Reputation: 57
In Python pandas
, I can easily drop duplicates in a DataFrame with:
df1.drop_duplicates(['Service Date', 'Customer Number'], inplace=True)
Is there anything in C# or Deedle
that's this simple and fast? Or do I need to iterate over the entire frame (from a large CSV file) to drop duplicates?
The data I'm working with is imported from a large CSV file with about 40 columns and 12k rows. For each date, there are multiple entries for Customer Number.

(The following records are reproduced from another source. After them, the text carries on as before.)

(* Let $X$ be a Tychonoff space with $|X|>1$ and $I\in\mathbb{A}(X)$. Then: (a) $\mathrm{ecc}(I)=3$ iff $\mathcal{O}(I)$ is not a singleton; (b) $\mathrm{ecc}(I)=2$ iff $\mathcal{O}(I)$ is a singleton and $|X|>2$; (c) $\mathrm{ecc}(I)=1$ iff $\mathcal{O}(I)$ is a singleton and $|X|=2$.
   Context: $C(X)$ denotes the ring of all real-valued continuous functions on $X$; $\mathrm{Coz}(f)=\{x: f(x)\neq 0\}$; for $S\subseteq C(X)$, $\mathcal{O}(S)=\bigcup_{f\in S}\mathrm{Coz}(f)$. $\mathbb{A}(X)$ is the set of nonzero ideals $I$ of $C(X)$ for which there is a nonzero ideal $J$ with $IJ=\{0\}$. $\mathbb{AG}(X)$ has vertex set $\mathbb{A}(X)$, distinct $I,J$ adjacent iff $IJ=\{0\}$. The eccentricity $\mathrm{ecc}(I)$ is the maximum of the distances $d(I,J)$ over vertices $J$. *)

From Stdlib Require Import Reals.
Open Scope R_scope.

Record topology (X : Type) := {
  is_open : (X -> Prop) -> Prop;
  open_full : is_open (fun _ => True);
  open_inter : forall U V, is_open U -> is_open V -> is_open (fun x => U x /\ V x);
  open_union : forall F : (X -> Prop) -> Prop,
      (forall U, F U -> is_open U) -> is_open (fun x => exists U, F U /\ U x)
}.
Arguments is_open {X} t U.

Definition is_closed {X} (T : topology X) (F : X -> Prop) : Prop :=
  is_open T (fun x => ~ F x).

Definition R_open (U : R -> Prop) : Prop :=
  forall x, U x -> exists eps, eps > 0 /\ forall y, Rabs (y - x) < eps -> U y.

Definition continuous_fun {X} (T : topology X) (f : X -> R) : Prop :=
  forall U, R_open U -> is_open T (fun x => U (f x)).

Definition T1 {X} (T : topology X) : Prop :=
  forall x y : X, x <> y -> exists U, is_open T U /\ U y /\ ~ U x.

Definition completely_regular {X} (T : topology X) : Prop :=
  forall (F : X -> Prop) (x : X), is_closed T F -> ~ F x ->
    exists f, continuous_fun T f /\ f x = 0 /\ (forall y, F y -> f y = 1)
              /\ (forall y, 0 <= f y <= 1).

Definition tychonoff {X} (T : topology X) : Prop := T1 T /\ completely_regular T.

Definition ideal {X} (T : topology X) (I : (X -> R) -> Prop) : Prop :=
  (forall f, I f -> continuous_fun T f) /\
  I (fun _ => 0) /\
  (forall f g, I f -> I g -> I (fun x => f x + g x)) /\
  (forall f g, I f -> continuous_fun T g -> I (fun x => g x * f x)).

Definition nonzero_ideal {X} (T : topology X) (I : (X -> R) -> Prop) : Prop :=
  ideal T I /\ exists f, I f /\ exists x, f x <> 0.

(** I J = {0}: the ideal generated by all products f g is zero iff every
    product f g (f in I, g in J) is the zero function. *)
Definition prod_zero {X} (I J : (X -> R) -> Prop) : Prop :=
  forall f g, I f -> J g -> forall x, f x * g x = 0.

Definition annih {X} (T : topology X) (I : (X -> R) -> Prop) : Prop :=
  nonzero_ideal T I /\ exists J, nonzero_ideal T J /\ prod_zero I J.

Definition same_ideal {X} (I J : (X -> R) -> Prop) : Prop :=
  forall f, I f <-> J f.

Definition adj {X} (T : topology X) (I J : (X -> R) -> Prop) : Prop :=
  annih T I /\ annih T J /\ ~ same_ideal I J /\ prod_zero I J.

Inductive walk {X} (T : topology X) :
    nat -> ((X -> R) -> Prop) -> ((X -> R) -> Prop) -> Prop :=
  | walk0 : forall I J, annih T I -> same_ideal I J -> walk T 0 I J
  | walkS : forall n I K J, adj T I K -> walk T n K J -> walk T (S n) I J.

Definition dist_eq {X} (T : topology X) (I J : (X -> R) -> Prop) (n : nat) : Prop :=
  walk T n I J /\ forall m, (m < n)%nat -> ~ walk T m I J.

Definition ecc_eq {X} (T : topology X) (I : (X -> R) -> Prop) (n : nat) : Prop :=
  (forall J, annih T J -> exists m, (m <= n)%nat /\ dist_eq T I J m) /\
  (exists J, annih T J /\ dist_eq T I J n).

Definition Ocoz {X} (S : (X -> R) -> Prop) (x : X) : Prop :=
  exists f, S f /\ f x <> 0.

Definition is_singleton {X} (A : X -> Prop) : Prop :=
  exists x, forall y, A y <-> y = x.

Definition card_gt1 (X : Type) : Prop := exists x y : X, x <> y.
Definition card_gt2 (X : Type) : Prop :=
  exists x y z : X, x <> y /\ x <> z /\ y <> z.
Definition card_eq2 (X : Type) : Prop :=
  exists x y : X, x <> y /\ forall z, z = x \/ z = y.

From Stdlib Require Import Reals Lra Lia Classical FunctionalExtensionality PropExtensionality.
Open Scope R_scope.

(* For an ideal I let Ann(I) be the ideal of continuous functions vanishing on
   O(I); then IJ = 0 iff O(I) and O(J) are disjoint, and every ideal K with
   IK = 0 lies in Ann(I).  Any two vertices are at distance at most 3: either
   I - Ann(I) - Ann(J) - J is a walk, or some k1 k2 with k1 in Ann(I), k2 in
   Ann(J) is nonzero and the functions vanishing on its zero set form a common
   neighbour of I and J.
   If O(I) contains a <> b, choose an open G with a in G, G inside O(I), and a
   continuous k vanishing on G with k b = 1.  The annihilator J of the functions
   vanishing off G differs from I at a, meets O(I) at b, and contains Ann(I); a
   common neighbour K of I and J would then satisfy K <= Ann(I) <= J and K^2 = 0,
   so d(I, J) = 3.
   If O(I) = {x}, a vertex J either misses x (and is adjacent to I) or contains
   x, and then every neighbour of J is a neighbour of I, so ecc(I) <= 2.  With a third point z the same
   construction around z gives a vertex at distance exactly 2; in a two-point
   space every vertex whose O contains x equals I, so ecc(I) = 1. *)

Section CX.

Variables (X : Type) (T : topology X).

Lemma open_ext (U V : X -> Prop) :
  is_open T U -> (forall x, U x <-> V x) -> is_open T V.
Proof.
  intros HU E. replace V with U; auto.
  apply functional_extensionality; intro x; apply propositional_extensionality; apply E.
Qed.

Lemma open_nbhd (P : X -> Prop) :
  (forall x, P x -> exists U, is_open T U /\ U x /\ forall y, U y -> P y) -> is_open T P.
Proof.
  intros H.
  apply (open_ext (fun x => exists U, (is_open T U /\ forall y, U y -> P y) /\ U x)).
  - apply open_union; tauto.
  - intros x; split.
    + intros [U [[_ HU] Ux]]; auto.
    + intros Px. destruct (H x Px) as [U [OU [Ux HU]]]. exists U; auto.
Qed.

Lemma R_open_ball c r : R_open (fun t => Rabs (t - c) < r).
Proof.
  intros x Hx. exists (r - Rabs (x - c)). split; [lra|].
  intros y Hy. split_Rabs; lra.
Qed.

Lemma R_open_lt c : R_open (fun t => t < c).
Proof. intros x Hx. exists (c - x). split; [lra|]. intros y Hy. split_Rabs; lra. Qed.

Lemma R_open_gt c : R_open (fun t => t > c).
Proof. intros x Hx. exists (x - c). split; [lra|]. intros y Hy. split_Rabs; lra. Qed.

Lemma R_open_neq0 : R_open (fun t => t <> 0).
Proof.
  intros x Hx. exists (Rabs x). split; [apply Rabs_pos_lt; auto|].
  intros y Hy ->. rewrite Rminus_0_l, Rabs_Ropp in Hy. lra.
Qed.

Lemma continuous_const c : continuous_fun T (fun _ => c).
Proof.
  intros U HU. apply open_nbhd. intros x Uc.
  exists (fun _ => True). split; [apply open_full | auto].
Qed.

Lemma continuous_binop (op : R -> R -> R) (f g : X -> R) :
  (forall s t eps, eps > 0 -> exists d, d > 0 /\ forall s' t',
     Rabs (s' - s) < d -> Rabs (t' - t) < d -> Rabs (op s' t' - op s t) < eps) ->
  continuous_fun T f -> continuous_fun T g -> continuous_fun T (fun x => op (f x) (g x)).
Proof.
  intros Hop Hf Hg U HU. apply open_nbhd. intros x Ux.
  destruct (HU _ Ux) as [eps [Heps HUeps]].
  destruct (Hop (f x) (g x) eps Heps) as [d [Hd Hdelta]].
  exists (fun y => Rabs (f y - f x) < d /\ Rabs (g y - g x) < d). split; [|split].
  - apply open_inter; [apply (Hf _ (R_open_ball _ _)) | apply (Hg _ (R_open_ball _ _))].
  - rewrite !Rminus_diag, Rabs_R0; auto.
  - intros y [Hfy Hgy]. apply HUeps, Hdelta; auto.
Qed.

Lemma continuous_plus f g :
  continuous_fun T f -> continuous_fun T g -> continuous_fun T (fun x => f x + g x).
Proof.
  apply continuous_binop. intros s t eps Heps. exists (eps / 2). split; [lra|].
  intros s' t' Hs Ht. split_Rabs; lra.
Qed.

Lemma continuous_minus f g :
  continuous_fun T f -> continuous_fun T g -> continuous_fun T (fun x => f x - g x).
Proof.
  apply continuous_binop. intros s t eps Heps. exists (eps / 2). split; [lra|].
  intros s' t' Hs Ht. split_Rabs; lra.
Qed.

Lemma continuous_mult f g :
  continuous_fun T f -> continuous_fun T g -> continuous_fun T (fun x => f x * g x).
Proof.
  apply continuous_binop. intros s t eps Heps.
  set (c := Rabs s + Rabs t + 1).
  assert (Hc : 0 < c) by (pose proof (Rabs_pos s); pose proof (Rabs_pos t); unfold c; lra).
  exists (Rmin 1 (eps / c)). split.
  { apply Rmin_pos; [lra | apply Rdiv_lt_0_compat; lra]. }
  intros s' t' Hs Ht.
  assert (Hd1 := Rmin_l 1 (eps / c)). assert (Hd2 := Rmin_r 1 (eps / c)).
  assert (Hdc : Rmin 1 (eps / c) * c <= eps).
  { apply (Rmult_le_compat_r c) in Hd2; [|lra].
    unfold Rdiv in Hd2. rewrite Rmult_assoc, Rinv_l, Rmult_1_r in Hd2; lra. }
  (* s' t' - s t = (s' - s) t' + s (t' - t), with |t'| < |t| + 1 *)
  replace (s' * t' - s * t) with ((s' - s) * t' + s * (t' - t)) by ring.
  assert (Ht' : Rabs t' < Rabs t + 1) by (split_Rabs; lra).
  assert (H1 : Rabs ((s' - s) * t') <= Rabs (s' - s) * (Rabs t + 1)).
  { rewrite Rabs_mult. apply Rmult_le_compat_l; [apply Rabs_pos | lra]. }
  assert (H2 : Rabs (s * (t' - t)) <= Rabs s * Rmin 1 (eps / c)).
  { rewrite Rabs_mult. apply Rmult_le_compat_l; [apply Rabs_pos | lra]. }
  assert (H3 : Rabs (s' - s) * (Rabs t + 1) < Rmin 1 (eps / c) * (Rabs t + 1)).
  { apply Rmult_lt_compat_r; [pose proof (Rabs_pos t); lra | auto]. }
  assert (Hsum : Rmin 1 (eps / c) * (Rabs t + 1) + Rabs s * Rmin 1 (eps / c)
                 = Rmin 1 (eps / c) * c) by (unfold c; ring).
  eapply Rle_lt_trans; [apply Rabs_triang|]. lra.
Qed.

Lemma open_point_compl (b : X) : T1 T -> is_open T (fun v => v <> b).
Proof.
  intros HT1. apply open_nbhd. intros v Hv.
  destruct (HT1 b v (not_eq_sym Hv)) as [U [OU [Uv Ub]]].
  exists U. split; [|split]; auto. intros y Uy ->. auto.
Qed.

Section Tychonoff.

Hypothesis HT : tychonoff T.

Lemma tychonoff_bump (G : X -> Prop) z :
  is_open T G -> G z ->
  exists k, continuous_fun T k /\ k z = 1 /\ forall v, ~ G v -> k v = 0.
Proof.
  intros OG Gz.
  assert (CG : is_closed T (fun v => ~ G v)).
  { apply (open_ext G); auto. intros x; split; [tauto | apply NNPP]. }
  destruct (proj2 HT _ z CG (fun H => H Gz)) as [f [Cf [fz [f1 _]]]].
  exists (fun v => 1 - f v). split; [|split].
  - apply continuous_minus; [apply continuous_const | auto].
  - rewrite fz; ring.
  - intros v Gv. rewrite f1; auto; ring.
Qed.

(* G is the part of U where the Urysohn function for (a, {b}) is below 1/2, and k
   is a bump at b supported where that function is above 1/2. *)
Lemma tychonoff_separate (U : X -> Prop) a b :
  is_open T U -> U a -> a <> b ->
  exists G, is_open T G /\ G a /\ (forall v, G v -> U v) /\
    exists k, continuous_fun T k /\ k b = 1 /\ forall v, G v -> k v = 0.
Proof.
  intros OU Ua Hab.
  destruct (proj2 HT (fun v => v = b) a (open_point_compl b (proj1 HT)) Hab)
    as [f [Cf [fa [fb _]]]].
  destruct (tychonoff_bump (fun v => f v > 1/2) b) as [k [Ck [kb k0]]].
  { apply (Cf _ (R_open_gt _)). }
  { rewrite fb; auto; lra. }
  exists (fun v => U v /\ f v < 1/2). split; [|split; [|split]].
  - apply open_inter; [auto | apply (Cf _ (R_open_lt _))].
  - split; [auto | lra].
  - tauto.
  - exists k. split; [|split]; auto. intros v [_ Hv]. apply k0. lra.
Qed.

I need to eliminate duplicate Customer Number rows (leaving only one unique) per date.
Here's some simplified data, using DATE and RECN as the columns used to de-dupify:
NAME, TYPE, DATE, RECN, COMM
Kermit, Frog, 06/30/14, 1, 1test
Kermit, Frog, 06/30/14, 1, 2test
Ms. Piggy, Pig, 07/01/14, 2, 1test
Fozzy, Bear, 06/29/14, 3, 1test
Kermit, Frog, 07/02/14, 1, 3test
Kermit, Frog, 07/02/14, 1, 4test
Kermit, Frog, 07/02/14, 1, 5test
Ms. Piggy, Pig, 07/02/14, 2, 3test
Fozzy, Bear, 07/02/14, 3, 2test
Ms. Piggy, Pig, 07/02/14, 2, 2test
Upvotes: 0
Views: 2559
Reputation: 6316
Deedle doesn't seem to have that sort of utility in its CSV reader functions. Using another CSV reader to load the data (LumenWorks CSV Reader) I was able to de-duplicate the data using these extension methods:
public static class DeduplicateCsv
{
public static IEnumerable<Series<string, object>> ReadCsv(this string file)
{
// NuGet: PM> Install-Package LumenWorksCsvReader
using (var csv = new CsvReader(new StreamReader(file), true))
{
int fieldCount = csv.FieldCount;
string[] headers = csv.GetFieldHeaders();
while (csv.ReadNextRecord())
{
var seriesBuilder = new SeriesBuilder<string>();
for (int i = 0; i < fieldCount; i++)
{
seriesBuilder.Add(headers[i], csv[i]);
}
yield return seriesBuilder.Series;
}
}
}
public static IEnumerable<TSource> DistinctObject<TSource, TCompare>(this IEnumerable<TSource> source, Func<TSource, TCompare> compare)
{
var set = new HashSet<TCompare>();
return source.Where(element => set.Add(compare(element)));
}
public static IEnumerable<Series<string, object>> DeDupify(this IEnumerable<Series<string, object>> source, string key)
{
return source.DistinctObject(s => s.Get(key));
}
}
Here is how I used it:
var frame = Frame.FromRows("data.csv"
.ReadCsv()
.DeDupify("Service Date")
.DeDupify("Customer Number")
.ToList()
);
frame.Print();
Note that I had to put a .ToList()
at the end since Deedle seems to be running over the IEnumerable
more than once.
Upvotes: 1